Mr Justice Mostyn was considering whether a net capital position of just over £250,000 was sufficient to meet the wife’s needs. He found that if she were “assuredly single” and he could foresee that continuing, then he would have his doubts as to whether that sum would be enough. On the other hand, he said, he could not ignore the existence of the wife’s new relationship and so reached the conclusion that that figure was sufficient to meet her needs. In other words, the wife might have received more if she had not been in the new relationship.

To put all of this into context, we are talking here about the question of needs. In many higher-money cases needs are not an issue, as there is more than enough money available to cover the reasonable needs of both parties. Mr Justice Mostyn’s words will therefore have no bearing upon such cases.

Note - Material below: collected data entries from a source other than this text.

Lemma bracket_limit_value : F bracket_limit = y.
Proof.
  destruct (Req_dec (F bracket_limit) y) as [E|E]; auto. exfalso.
  set (e := Rabs (F bracket_limit - y)).
  assert (Hp : 0 < e) by (apply Rabs_pos_lt; lra).
  destruct (pow_lt_1_zero (/3) third_lt1 (e / (K + 1))) as [N HN]; [apply Rdiv_lt_0_compat; lra|].
  specialize (HN N (le_n _)). rewrite Rabs_pos_eq in HN by (apply pow_le, third_ge0).
  assert (Hb := bracket_limit_close N). fold e in Hb.
  assert (K * (/3)^N <= (K + 1) * (/3)^N) by (pose proof (pow_le (/3) N third_ge0); nra).
  assert ((K + 1) * (/3)^N < e).
  { apply (Rmult_lt_compat_l (K + 1)) in HN; [|lra]. field_simplify in HN; lra. }
  lra.
Qed.

End CantorIVT.

Lemma cantor_ivt (n : nat) (F : (nat -> R) -> R) (K : R) (K_ge0 : 0 <= K)
  (F_mono : forall u v, in_unit_cube n u -> in_unit_cube n v ->
     (forall i, (i < n)%nat -> u i <= v i) -> F u <= F v)
  (F_lipschitz : forall u d, 0 <= d -> in_unit_cube n u -> in_unit_cube n (raise_prefix u d n) ->
     F (raise_prefix u d n) - F u <= K * d)
  (F_chain : forall L lo, (forall i, (i < n)%nat -> left_end L (lo i)) ->
     forall j, (j < n)%nat ->
     F (raise_prefix lo (2 * (/3)^(S L)) (S j))
       <= F (raise_prefix (raise_prefix lo (2 * (/3)^(S L)) j) ((/3)^(S L)) n))
  (y : R) (y_range : F (fun _ => 0) <= y <= F (raise_prefix (fun _ => 0) 1 n)) :
  exists v : nat -> R, (forall i, (i < n)%nat -> cantor_set (v i)) /\ F v = y.
Proof.
  exists (bracket_limit n F F_mono F_chain y y_range). split.
  - apply bracket_limit_cantor.
  - apply (bracket_limit_value n F K K_ge0); auto.
Qed.

Section SeparableIVT.
Variables (n : nat) (f : nat -> R -> R) (mm MM : nat -> R).
Hypothesis f_slope : forall i p q, (i < n)%nat -> 0 <= p -> p <= q -> q <= 1 ->
  mm i * (q - p) <= f i q - f i p <= MM i * (q - p).
Hypothesis slope_nonneg : forall i, (i < n)%nat -> 0 <= mm i <= MM i.
Hypothesis slope_small : forall j, (j < n)%nat -> 2 * MM j <= rsum n mm.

The crux of the problem that Mr Justice Mostyn was facing was, of course, that the financial needs of someone who is cohabiting with another person are likely to be less than those of someone who is not cohabiting. When you are cohabiting, the amount you need to house yourself may, for example, be halved by being shared with your new partner.

It could be said, I suppose, that the new partner is effectively subsidising the wife and their means should not be used to reduce the husband’s liability. However, I’m not sure that such an argument is valid, as it works both ways – the husband’s needs would also be reduced if he were to cohabit.

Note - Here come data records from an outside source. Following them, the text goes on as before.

(* Let $\mathbf{c}\in H_{1,2,2}$ be primitive and let $p$ be a rational prime dividing $N(\mathbf{c})$. Then any left greatest common divisor of $\mathbf{c}$ and $p$ is a prime of $H_{1,2,2}$, and there is a unique primary element among the left greatest common divisors of $\mathbf{c}$ and $p$.
   Context: Let $\mathbf{i},\mathbf{j},\mathbf{k}$ be the standard quaternion units; $\overline{\mathbf{q}}$ is quaternion conjugation and $N(\mathbf{q})=\mathbf{q}\overline{\mathbf{q}}$. $H_{1,2,2}$ is the subring of the quaternions equal to the $\mathbb{Z}$-module generated by $\mathbf{v}_1=1$, $\mathbf{v}_2=\mathbf{i}$, $\mathbf{v}_3=\tfrac12(1+\mathbf{i}+\sqrt2\,\mathbf{j})$, $\mathbf{v}_4=\tfrac12(1+\mathbf{i}+\sqrt2\,\mathbf{k})$; it is norm Euclidean, so any two nonzero elements $\mathbf{a},\mathbf{b}$ have a left greatest common divisor $\mathbf{d}$: $\mathbf{a}=\mathbf{d}\mathbf{a}'$, $\mathbf{b}=\mathbf{d}\mathbf{b}'$ for some $\mathbf{a}',\mathbf{b}'\in H_{1,2,2}$ and $\mathbf{d}=\mathbf{a}\mathbf{x}+\mathbf{b}\mathbf{y}$ for some $\mathbf{x},\mathbf{y}\in H_{1,2,2}$; it is unique up to right multiplication by units (invertible elements). A prime of $H_{1,2,2}$ is a nonzero nonunit $\boldsymbol\pi$ such that any factorization $\boldsymbol\pi=\mathbf{a}\mathbf{b}$ in $H_{1,2,2}$ has $\mathbf{a}$ or $\mathbf{b}$ a unit. Let $I=2(1+\mathbf{i})H_{1,2,2}$. An element $\mathbf{q}$ is primary if $\mathbf{q}-1\in I$ or $\mathbf{q}-(1+2\mathbf{v}_3)\in I$. An element $\mathbf{c}=c_1\mathbf{v}_1+c_2\mathbf{v}_2+c_3\mathbf{v}_3+c_4\mathbf{v}_4$ ($c_i\in\mathbb{Z}$) is primitive if it is primary and $\gcd(c_1,c_2,c_3,c_4)=1$. *)

From mathcomp Require Import all_boot all_order all_algebra.
From mathcomp Require Import Rstruct.
Set Implicit Arguments. Unset Strict Implicit. Unset Printing Implicit Defensive.
Import Order.TTheory GRing.Theory Num.Theory.
Local Open Scope ring_scope.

Another point to make is that we are not talking here about maintenance. If we were, then any order made by the court would not be final, in the sense that the maintenance order could be varied or extinguished if the wife were to cohabit.

My main point, however, is this: what was Mr Justice Mostyn to do? Let’s be honest: the likelihood is that a wife in such a situation will shortly be cohabiting with her new partner, and if she does then it is only right that her needs are considered as if she were cohabiting. Of course, the relationship may fail before cohabitation takes place, but if it is clearly a ‘strong’ relationship, then that can justifiably be considered the less likely scenario. It should also be said that in this case the wife may not have done herself any favours by not disclosing the relationship – a fact that may have gone against her in Mr Justice Mostyn’s mind.

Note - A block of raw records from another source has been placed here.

(* Let $G=PL_\delta(\mathbb{R}_{+})$ and $H=\{f\in G : \lim_{x\to\infty} f(x)/x = 1\}$. Then the center of the quotient group $G/H$ is trivial.
   Context: A homeomorphism $f$ of $[0,\infty)$ is piecewise linear if its set $B(f)$ of breakpoints (points where $f$ is not differentiable) is discrete and $f$ is affine on each complementary interval. Its set of slopes is $\Lambda(f)=\{f'(t): t\notin B(f)\}$; $\Lambda(f)$ is bounded if there is $K>1$ with $K^{-1}<|\lambda|<K$ for all $\lambda\in\Lambda(f)$. $PL_\delta(\mathbb{R}_{+})$ denotes the group (under composition) of piecewise-linear homeomorphisms of $[0,\infty)$ with bounded set of slopes. $H$ is a normal subgroup of $G$. *)

From Stdlib Require Import Reals.
Open Scope R_scope.

(* Functions are R -> R; only their values on [0, +oo) matter. *)

Definition cont_on_halfline (f : R -> R) : Prop :=
  forall x, 0 <= x -> forall eps, 0 < eps -> exists delta, 0 < delta /\
    forall y, 0 <= y -> Rabs (y - x) < delta -> Rabs (f y - f x) < eps.

Definition inv_on (f h : R -> R) : Prop :=
  (forall x, 0 <= x -> 0 <= h x) /\
  (forall x, 0 <= x -> h (f x) = x) /\
  (forall y, 0 <= y -> f (h y) = y).

Definition homeo_halfline (f : R -> R) : Prop :=
  (forall x, 0 <= x -> 0 <= f x) /\ cont_on_halfline f /\
  exists h, inv_on f h /\ cont_on_halfline h.

(* f is piecewise linear on [0,+oo) with a discrete (locally finite) set of
   breakpoints, and its set of slopes is bounded: there is a partition
   0 = x_0 < x_1 < ... -> +oo such that f is affine with slope a_n on each
   [x_n, x_{n+1}], and K^-1 < |a_n| < K for some K > 1. *)
Definition PL_bounded (f : R -> R) : Prop :=
  exists (x a b : nat -> R),
    x 0%nat = 0 /\
    (forall n, x n < x (S n)) /\
    (forall M, exists n, M < x n) /\
    (forall n t, x n <= t <= x (S n) -> f t = a n * t + b n) /\
    exists K, 1 < K /\ forall n, / K < Rabs (a n) < K.

Definition in_G (f : R -> R) : Prop := homeo_halfline f /\ PL_bounded f.

Definition ratio_tends_to_1 (h : R -> R) : Prop :=
  forall eps, 0 < eps -> exists M, forall x, M <= x -> 0 < x ->
    Rabs (h x / x - 1) < eps.

Definition in_H (f : R -> R) : Prop := in_G f /\ ratio_tends_to_1 f.

From Stdlib Require Import Reals Lra Lia Psatz Classical ClassicalEpsilon.
Open Scope R_scope.

(* Elements of G are increasing bi-Lipschitz maps fixing 0, so t/K <= g t <= K t.
   If g is not in H, pick a very sparse sequence z_n -> oo with |g(z_n)/z_n - 1| >= eps,
   and build f in G fixing every z_n, with slope 1 - 1/L on [z_n/L, z_n] and slope 2 on
   [z_n, L z_n] (L > K).  At w = g(z_n) the commutator f g f^-1 g^-1 takes the value
   f(w), and since w lies in [z_n/L, L z_n] but is far from z_n in ratio,
   |f(w)/w - 1| >= eps/L.  As w -> oo, the commutator is not in H. *)

Record PL_partition (F : R -> R) (x a b : nat -> R) : Prop := {
  knot0 : x 0%nat = 0;
  knot_lt_succ : forall n, x n < x (S n);
  knot_unbounded : forall M, exists n, M < x n;
  piece_affine : forall n t, x n <= t <= x (S n) -> F t = a n * t + b n }.

Section Knots.

Variable x : nat -> R.
Hypothesis x_lt_succ : forall n, x n < x (S n).

Lemma knot_lt n m : (n < m)%nat -> x n < x m.
Proof.
  induction m as [|m IH]; intros Hnm; [lia|].
  destruct (Nat.eq_dec n m) as [->|Hne]; [apply x_lt_succ|].
  apply Rlt_trans with (x m); [apply IH; lia | apply x_lt_succ].
Qed.

Lemma knot_le n m : (n <= m)%nat -> x n <= x m.
Proof.
  intros Hnm. destruct (Nat.eq_dec n m) as [->|Hne]; [lra|].
  apply Rlt_le, knot_lt; lia.
Qed.

Lemma knot_nonneg : x 0%nat = 0 -> forall n, 0 <= x n.
Proof. intros Hx0 n. rewrite <- Hx0. apply knot_le; lia. Qed.

Lemma knot_piece_unique n m t :
  x n <= t < x (S n) -> x m <= t < x (S m) -> n = m.
Proof.
  intros Hn Hm. destruct (Nat.lt_total n m) as [H|[H|H]]; auto.
  - assert (x (S n) <= x m) by (apply knot_le; lia). lra.
  - assert (x (S m) <= x n) by (apply knot_le; lia). lra.
Qed.

Lemma knot_piece_exists : (forall M, exists n, M < x n) ->
  forall t, x 0%nat <= t -> exists n, x n <= t < x (S n).
Proof.
  intros Hu t Ht. destruct (Hu t) as [m Hm]. induction m as [|m IH]; [lra|].
  destruct (Rlt_le_dec t (x m)) as [H|H]; [apply IH; auto | exists m; lra].
Qed.

End Knots.

Section Increasing_PL.

Variables (F : R -> R) (x a b : nat -> R) (K : R).
Hypothesis HF : PL_partition F x a b.
Hypothesis HK : 0 < K.
Hypothesis Ha : forall n, / K < a n < K.

Lemma PL_increment_bounds s t : 0 <= s -> s <= t ->
  (t - s) / K <= F t - F s <= K * (t - s).
Proof.
  destruct HF as [Hx0 _ Hu Hp].
  assert (Hpiece : forall n s t, x n <= s <= t -> t <= x (S n) ->
             (t - s) / K <= F t - F s <= K * (t - s)).
  { intros n s' t' Hs Ht. rewrite (Hp n s'), (Hp n t') by lra.
    specialize (Ha n). unfold Rdiv. split; nra. }
  assert (Hupto : forall n s t, 0 <= s -> s <= t -> t <= x n ->
             (t - s) / K <= F t - F s <= K * (t - s)).
  { induction n as [|n IH]; intros s' t' Hs Hst Ht.
    - replace t' with s' by lra. unfold Rdiv. nra.
    - destruct (Rle_lt_dec t' (x n)) as [Htn|Htn]; [apply IH; auto|].
      destruct (Rle_lt_dec (x n) s') as [Hsn|Hsn]; [apply (Hpiece n); lra|].
      pose proof (IH s' (x n) Hs (Rlt_le _ _ Hsn) (Rle_refl _)).
      pose proof (Hpiece n (x n) t' ltac:(lra) Ht).
      unfold Rdiv in *. lra. }
  intros Hs Hst. destruct (Hu t) as [n Hn]. apply (Hupto n); lra.
Qed.

Lemma PL_increasing_surjective : F 0 = 0 ->
  forall y, 0 <= y -> exists t, 0 <= t /\ F t = y.
Proof.
  intros HF0 y Hy. pose proof HF as [Hx0 Hx Hu Hp].
  assert (HKi : 0 < / K) by (apply Rinv_0_lt_compat; lra).
  assert (Hxnn := knot_nonneg x Hx Hx0).
  assert (HFu : forall M, exists n, M < F (x n)).
  { intro M. destruct (Hu (K * Rmax M 0)) as [n Hn]. exists n.
    pose proof (PL_increment_bounds 0 (x n) (Rle_refl 0) (Hxnn n)) as [B _].
    rewrite HF0 in B. pose proof (Rmax_l M 0). pose proof (Rmax_r M 0).
    assert (x n * / K > Rmax M 0).
    { apply (Rmult_lt_reg_r K); [lra|]. field_simplify; lra. }
    unfold Rdiv in B. lra. }
  destruct (knot_piece_exists (fun n => F (x n)) HFu y) as [n Hn];
    [simpl; rewrite Hx0, HF0; lra|].
  simpl in Hn. specialize (Ha n).
  set (t := x n + (y - F (x n)) / a n).
  assert (Ht : a n * (t - x n) = y - F (x n)) by (unfold t; field; lra).
  pose proof (Hx n) as Hxn.
  assert (Hl : F (x n) = a n * x n + b n) by (apply Hp; lra).
  assert (Hr : F (x (S n)) = a n * x (S n) + b n) by (apply Hp; lra).
  assert (Hint : x n <= t <= x (S n)) by nra.
  exists t. split; [pose proof (Hxnn n); lra|].
  rewrite (Hp n t Hint). lra.
Qed.

End Increasing_PL.

Lemma lipschitz_cont_on_halfline F K : 0 < K ->
  (forall s t, 0 <= s -> 0 <= t -> Rabs (F t - F s) <= K * Rabs (t - s)) ->
  cont_on_halfline F.
Proof.
  intros HK HF t Ht eps Heps. exists (eps / K). split; [apply Rdiv_lt_0_compat; lra|].
  intros s Hs Hd. pose proof (HF t s Ht Hs).
  assert (K * Rabs (s - t) < K * (eps / K)) by (apply Rmult_lt_compat_l; lra).
  replace (K * (eps / K)) with eps in * by (field; lra). lra.
Qed.

Lemma homeo_of_increment_bounds F K : 0 < K -> F 0 = 0 ->
  (forall s t, 0 <= s -> s <= t -> (t - s) / K <= F t - F s <= K * (t - s)) ->
  (forall y, 0 <= y -> exists t, 0 <= t /\ F t = y) -> homeo_halfline F.
Proof.
  intros HK HF0 Hb Hsurj.
  assert (HKi : 0 < / K) by (apply Rinv_0_lt_compat; lra).
  assert (Habs : forall s t, 0 <= s -> 0 <= t ->
            Rabs (t - s) / K <= Rabs (F t - F s) <= K * Rabs (t - s)).
  { intros s t Hs Ht. unfold Rdiv in *. destruct (Rle_lt_dec s t) as [H|H].
    - pose proof (Hb s t Hs H). rewrite !Rabs_right; nra.
    - pose proof (Hb t s Ht (Rlt_le _ _ H)).
      rewrite (Rabs_minus_sym t s), (Rabs_minus_sym (F t) (F s)), !Rabs_right; nra. }
  assert (Hnn : forall t, 0 <= t -> 0 <= F t).
  { intros t Ht. pose proof (Hb 0 t (Rle_refl 0) Ht). unfold Rdiv in *. nra. }
  assert (Hinj : forall s t, 0 <= s -> 0 <= t -> F s = F t -> s = t).
  { intros s t Hs Ht E. pose proof (Habs s t Hs Ht) as [B _].
    rewrite E, Rminus_diag, Rabs_R0 in B.
    destruct (Req_dec s t) as [|Hne]; auto. exfalso.
    pose proof (Rabs_pos_lt (t - s) ltac:(lra)). unfold Rdiv in B. nra. }
  set (h := fun y => epsilon (inhabits 0) (fun t => 0 <= t /\ F t = y)).
  assert (Hh : forall y, 0 <= y -> 0 <= h y /\ F (h y) = y).
  { intros y Hy. exact (epsilon_spec (inhabits 0) _ (Hsurj y Hy)). }
  split; [exact Hnn|]. split.
  - apply (lipschitz_cont_on_halfline F K HK). intros s t Hs Ht. apply Habs; auto.
  - exists h. split; [split; [|split]|].
    + intros y Hy. apply Hh; auto.
    + intros t Ht. apply Hinj; auto; apply Hh; auto.
    + intros y Hy. apply Hh; auto.
    + apply (lipschitz_cont_on_halfline h K HK). intros y y' Hy Hy'.
      destruct (Hh y Hy) as [H1 H2], (Hh y' Hy') as [H3 H4].
      pose proof (Habs (h y) (h y') H1 H3) as [B _]. rewrite H2, H4 in B.
      apply (Rmult_le_reg_r (/ K)); [lra|]. unfold Rdiv in B.
      replace (K * Rabs (y' - y) * / K) with (Rabs (y' - y)) by (field; lra). lra.
Qed.

Lemma affine_corner_collision (F : R -> R) p d1 d2 a c :
  0 < d1 -> 0 < d2 -> a * c < 0 ->
  (forall t, p - d1 <= t <= p -> F t = F p + a * (t - p)) ->
  (forall t, p <= t <= p + d2 -> F t = F p + c * (t - p)) ->
  exists s t, p - d1 <= s < p /\ p < t <= p + d2 /\ F s = F t.
Proof.
  intros Hd1 Hd2 Hac Hl Hr.
  assert (Ha : 0 < Rabs a) by (apply Rabs_pos_lt; intros ->; lra).
  assert (Hc : 0 < Rabs c) by (apply Rabs_pos_lt; intros ->; lra).
  set (m := Rmin d1 d2).
  assert (Hm : 0 < m /\ m <= d1 /\ m <= d2)
    by (unfold m; repeat split; [apply Rmin_glb_lt | apply Rmin_l | apply Rmin_r]; lra).
  set (d := m / (Rabs a + Rabs c)).
  assert (Hd : d * (Rabs a + Rabs c) = m) by (unfold d; field; lra).
  assert (Hd0 : 0 < d) by (apply Rdiv_lt_0_compat; lra).
  assert (Hsign : - a * Rabs c = c * Rabs a).
  { destruct (Rle_lt_dec 0 a) as [Ha0|Ha0].
    - assert (c < 0) by nra. rewrite Rabs_left, Rabs_right by lra. ring.
    - assert (0 < c) by nra. rewrite Rabs_right, Rabs_left by lra. ring. }
  (* the values at [p - |c| d] and [p + |a| d] agree because [a] and [c] have opposite signs *)
  exists (p - Rabs c * d), (p + Rabs a * d).
  repeat split; try nra.
  rewrite (Hl (p - Rabs c * d)), (Hr (p + Rabs a * d)) by nra.
  transitivity (F p + (- a * Rabs c) * d); [ring|]. rewrite Hsign. ring.
Qed.

Lemma PL_injective_slopes_same_sign F x a b :
  PL_partition F x a b -> (forall n, a n <> 0) ->
  (forall s t, 0 <= s -> 0 <= t -> F s = F t -> s = t) ->
  forall n, 0 < a 0%nat * a n.
Proof.
  intros HF Hnz Hinj. pose proof HF as [Hx0 Hx _ Hp].
  assert (Hturn : forall n, 0 < a n * a (S n)).
  { intro n. destruct (Rlt_le_dec 0 (a n * a (S n))) as [H|H]; auto. exfalso.
    assert (a n * a (S n) <> 0) by (apply Rmult_integral_contrapositive_currified; auto).
    set (p := x (S n)).
    pose proof (Hx n). pose proof (Hx (S n)). pose proof (knot_nonneg x Hx Hx0 n).
    destruct (affine_corner_collision F p (p - x n) (x (S (S n)) - p) (a n) (a (S n)))
      as [s [t [Hs [Ht E]]]]; unfold p in *; try lra.
    - intros t Ht. rewrite (Hp n t), (Hp n (x (S n))) by lra. ring.
    - intros t Ht. rewrite (Hp (S n) t), (Hp (S n) (x (S n))) by lra. ring.
    - apply Hinj in E; lra. }
  induction n as [|n IH]; [specialize (Hnz 0%nat); nra|].
  specialize (Hturn n). specialize (Hnz n).
  assert (0 < (a 0%nat * a n) * (a n * a (S n))) by (apply Rmult_lt_0_compat; auto).
  nra.
Qed.

Lemma in_G_increasing_PL g : in_G g ->
  exists x a b K, PL_partition g x a b /\ 0 < K /\ forall n, / K < a n < K.
Proof.
  intros [[Hnn [_ [h [[_ [Hhg _]] _]]]] [x [a [b [Hx0 [Hx [Hu [Hp [K [HK Ha]]]]]]]]]].
  assert (HP : PL_partition g x a b) by (constructor; auto).
  assert (HKi : 0 < / K) by (apply Rinv_0_lt_compat; lra).
  assert (Hnz : forall n, a n <> 0)
    by (intros n E; specialize (Ha n); rewrite E, Rabs_R0 in Ha; lra).
  assert (Hsame : forall n, 0 < a 0%nat * a n).
  { apply (PL_injective_slopes_same_sign g x a b HP Hnz).
    intros s t Hs Ht E. rewrite <- (Hhg s Hs), <- (Hhg t Ht), E. reflexivity. }
  assert (Ha0 : 0 < a 0%nat).
  { destruct (Rlt_le_dec 0 (a 0%nat)) as [P|P]; auto. exfalso.
    (* then -g is increasing, contradicting g >= 0 *)
    assert (Hneg : forall n, / K < - a n < K).
    { intro n. specialize (Hsame n). specialize (Ha n). specialize (Hnz 0%nat).
      rewrite Rabs_left in Ha by nra. lra. }
    assert (HPneg : PL_partition (fun t => - g t) x (fun n => - a n) (fun n => - b n)).
    { constructor; auto. intros n t Ht. rewrite (Hp n t Ht). ring. }
    set (t := K * (g 0 + 1)).
    assert (Ht : 0 <= t) by (unfold t; pose proof (Hnn 0 (Rle_refl 0)); nra).
    pose proof (PL_increment_bounds _ _ _ _ K HPneg Hneg 0 t (Rle_refl 0) Ht)
      as [B _].
    replace ((t - 0) / K) with (g 0 + 1) in B by (unfold t; field; lra).
    pose proof (Hnn t Ht). lra. }
  exists x, a, b, K. split; [exact HP|]. split; [lra|].
  intros n. specialize (Ha n). specialize (Hsame n).
  rewrite Rabs_right in Ha by nra. exact Ha.
Qed.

It has been suggested that the judgment is a warning, telling wives that they should not form a new relationship until after their financial settlements have been finalised. I don’t agree: the issue here is the wife’s needs, not whether she has formed a new relationship.

Lastly, it should of course be pointed out that many of those who have criticised Mr Justice Mostyn’s comments believe they restrict the freedom of wives to move on with their lives. However, all of what he said of course works equally for both husbands as for wives – the law does not differentiate between the sexes.

In short, I’m not sure that Mr Justice Mostyn’s comments in this case were at all controversial. He was merely stating the obvious: that a new relationship (by either party) puts the judge in a quandary when it comes to considering that party’s needs.

John Bolch often wonders how he ever became a family lawyer. He no longer practises, but has instead earned a reputation as one of the UK's best-known family law bloggers.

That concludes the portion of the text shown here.